**What you are asked to do:** After finding the line with "have : x \in" in the data below, set down exactly each line through the one with "Section TriangleLabelings.", inclusive, and stop there.

Saved entries
▬▬▬▬▬▬▬▬▬▬
(* For all positive integers $s,k$ and every integer $n\geq 3$, the graph $sF_{n+1}\cup kF_n$ (the disjoint union of $s$ copies of $F_{n+1}$ and $k$ copies of $F_n$) is $C_3$-supermagic.
   Context: All graphs are finite and simple. For a graph $H$, a graph $G=(V,E)$ has an $H$-covering if every edge of $G$ belongs to a subgraph of $G$ isomorphic to $H$. For such $G$, an $H$-magic labeling is a bijection $\lambda: V\cup E\to\{1,2,\dots,|V|+|E|\}$ for which there is a constant $c$ such that for every subgraph $H'=(V',E')$ of $G$ isomorphic to $H$, $\sum_{v\in V'}\lambda(v)+\sum_{e\in E'}\lambda(e)=c$. It is $H$-supermagic if moreover $\{\lambda(v):v\in V\}=\{1,\dots,|V|\}$; $G$ is $H$-supermagic if it admits such a labeling. $C_k$ is the cycle of length $k$. $sG$ denotes the disjoint union of $s$ copies of $G$, and $\cup$ denotes disjoint union. For $n\geq 3$, the fan $F_n=K_1+P_n$ has vertices $c,v_1,\dots,v_n$ and edges $cv_i$ ($1\le i\le n$) and $v_iv_{i+1}$ ($1\le i\le n-1$). *)

From mathcomp Require Import all_boot.
Set Implicit Arguments. Unset Strict Implicit. Unset Printing Implicit Defensive.

(* A finite simple graph is given by a finType of vertices V and an adjacency
   relation adj : rel V (symmetric and irreflexive for the graphs used here). *)

Section Graphs.
Variables (V : finType) (adj : rel V).

Definition edge_set : {set {set V}} :=
  [set e | [exists x, exists y, adj x y && (e == [set x; y])]].

Definition Edge : finType := {e : {set V} | e \in edge_set}.

(* Subgraphs isomorphic to C_3: three pairwise adjacent vertices, together
   with the three edges joining them (the edges of G contained in T). *)
Definition is_triangle (T : {set V}) : bool :=
  (#|T| == 3) && [forall x in T, forall y in T, (x != y) ==> adj x y].

Definition C3_covering : Prop :=
  forall e : Edge, exists T : {set V}, is_triangle T /\ val e \subset T.

Definition tri_weight (lam : V + Edge -> nat) (T : {set V}) : nat :=
  \sum_(v in T) lam (inl v) + \sum_(e : Edge | val e \subset T) lam (inr e).

Definition total_labeling (lam : V + Edge -> nat) : Prop :=
  injective lam /\
  (forall x, 1 <= lam x <= #|V| + #|{: Edge}|) /\
  (forall m, 1 <= m <= #|V| + #|{: Edge}| -> exists x, lam x = m).

Definition C3_magic_labeling (lam : V + Edge -> nat) : Prop :=
  total_labeling lam /\
  exists c, forall T : {set V}, is_triangle T -> tri_weight lam T = c.

Definition C3_supermagic_labeling (lam : V + Edge -> nat) : Prop :=
  C3_magic_labeling lam /\
  (forall m, (exists v, lam (inl v) = m) <-> 1 <= m <= #|V|).

Definition C3_supermagic : Prop :=
  C3_covering /\ exists lam, C3_supermagic_labeling lam.

End Graphs.

(* Fan F_m on vertex set 'I_m.+1: index 0 is the centre c, index i >= 1 is v_i.
   Edges: c v_i (1 <= i <= m) and v_i v_(i+1) (1 <= i <= m-1). *)
Definition fan_adj (m : nat) : rel 'I_m.+1 :=
  fun i j =>
    [|| (i == 0 :> nat) && (j != 0 :> nat),
        (j == 0 :> nat) && (i != 0 :> nat),
        (i != 0 :> nat) && (i.+1 == j :> nat)
      | (j != 0 :> nat) && (j.+1 == i :> nat)].

Definition fan_union_vertex (s k a b : nat) : finType :=
  (('I_s * 'I_a.+1) + ('I_k * 'I_b.+1))%type.

Definition fan_union_adj (s k a b : nat) : rel (fan_union_vertex s k a b) :=
  fun x y =>
    match x, y with
    | inl (p, i), inl (q, j) => (p == q) && fan_adj i j
    | inr (p, i), inr (q, j) => (p == q) && fan_adj i j
    | _, _ => false
    end.

From mathcomp Require Import all_boot zify.
Set Implicit Arguments. Unset Strict Implicit. Unset Printing Implicit Defensive.

(* Let P be the number of rim vertices and Q the number of fans. Rank the rim
   vertices of all fans consecutively 0, ..., P-1, and rank the rim edges
   consecutively as well.  The rim vertex of rank t gets t/2 + 1 if t is even and
   (P+1)/2 + 1 + t/2 if t is odd, so two consecutive ranks carry labels summing to
   t + const; the centre of fan c gets P + 1 + c; the spoke to the rim vertex of
   rank t gets 3P - t; the rim edge leaving the rim vertex of rank t in fan c gets
   P + Q + 1 + (t - c).  Every triangle is a centre c together with two
   consecutive rim vertices of ranks t, t+1 of its fan, and in its weight the
   contributions of t and of c cancel. *)

Lemma card_of_nat_bij (T : finType) (h : T -> nat) N :
  injective h -> (forall x, 0 < h x <= N) ->
  (forall m, 0 < m <= N -> exists x, h x = m) -> #|T| = N.
Proof.
move=> h_inj h_range h_surj.
have uniq_h : uniq (map h (enum T)) by rewrite map_inj_uniq ?enum_uniq.
have mem_h : map h (enum T) =i iota 1 N.
  move=> m; rewrite mem_iota; apply/mapP/idP => [[x _ ->]|hm].
    by have := h_range x; lia.
  by have [x <-] := h_surj m ltac:(lia); exists x; rewrite ?mem_enum.
by rewrite cardE -(size_map h) (perm_size (uniq_perm uniq_h (iota_uniq 1 N) mem_h)) size_iota.
Qed.

Lemma nat_label_surj (T : finType) (h : T -> nat) :
  injective h -> (forall x, 0 < h x <= #|T|) ->
  forall m, 0 < m <= #|T| -> exists x, h x = m.
Proof.
move=> h_inj h_range m hm.
have uniq_h : uniq (map h (enum T)) by rewrite map_inj_uniq ?enum_uniq.
have sub_h : {subset map h (enum T) <= iota 1 #|T|}.
  by move=> u /mapP [x _ ->]; rewrite mem_iota; have := h_range x; lia.
have [_ mem_h] := uniq_min_size uniq_h sub_h ltac:(by rewrite size_map size_iota cardE).
have : m \in iota 1 #|T| by rewrite mem_iota; lia.
by rewrite -mem_h => /mapP [x _ ->]; exists x.
Qed.

Lemma set2_eq_cases (T : finType) (x y x' y' : T) : [set x; y] = [set x'; y'] ->
  (x = x' /\ y = y') \/ (x = y' /\ y = x').
Proof.
move=> E.
have : x \in [set x'; y'] by rewrite -E set21.
have : y \in [set x'; y'] by rewrite -E set22.
have : x' \in [set x; y] by rewrite E set21.
have : y' \in [set x; y] by rewrite E set22.
by do 4!case/set2P=> ?; subst; auto.
Qed.

Section TriangleLabelings.
Variables (V : finType) (adj : rel V).
Hypotheses (adj_sym : symmetric adj) (adj_irr : irreflexive adj).

Lemma edgeP (e : Edge adj) : exists x y, adj x y /\ val e = [set x; y].
Proof.
have := valP e; rewrite inE => /existsP [x /existsP [y /andP [h /eqP ->]]].
by exists x, y.
Qed.

Lemma set2_in_edge_set x y : adj x y -> [set x; y] \in edge_set adj.
Proof.
by move=> h; rewrite inE; apply/existsP; exists x; apply/existsP; exists y; rewrite h eqxx.
Qed.

Definition mk_edge x y (h : adj x y) : Edge adj := exist _ [set x; y] (set2_in_edge_set h).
▬▬▬▬▬▬▬▬▬▬
**Response for this exercise:**
have : x \in [set x'; y'] by rewrite -E set21.
have : y \in [set x'; y'] by rewrite -E set22.
have : x' \in [set x; y] by rewrite E set21.
have : y' \in [set x; y] by rewrite E set22.
by do 4!case/set2P=> ?; subst; auto.
Qed.

Section TriangleLabelings.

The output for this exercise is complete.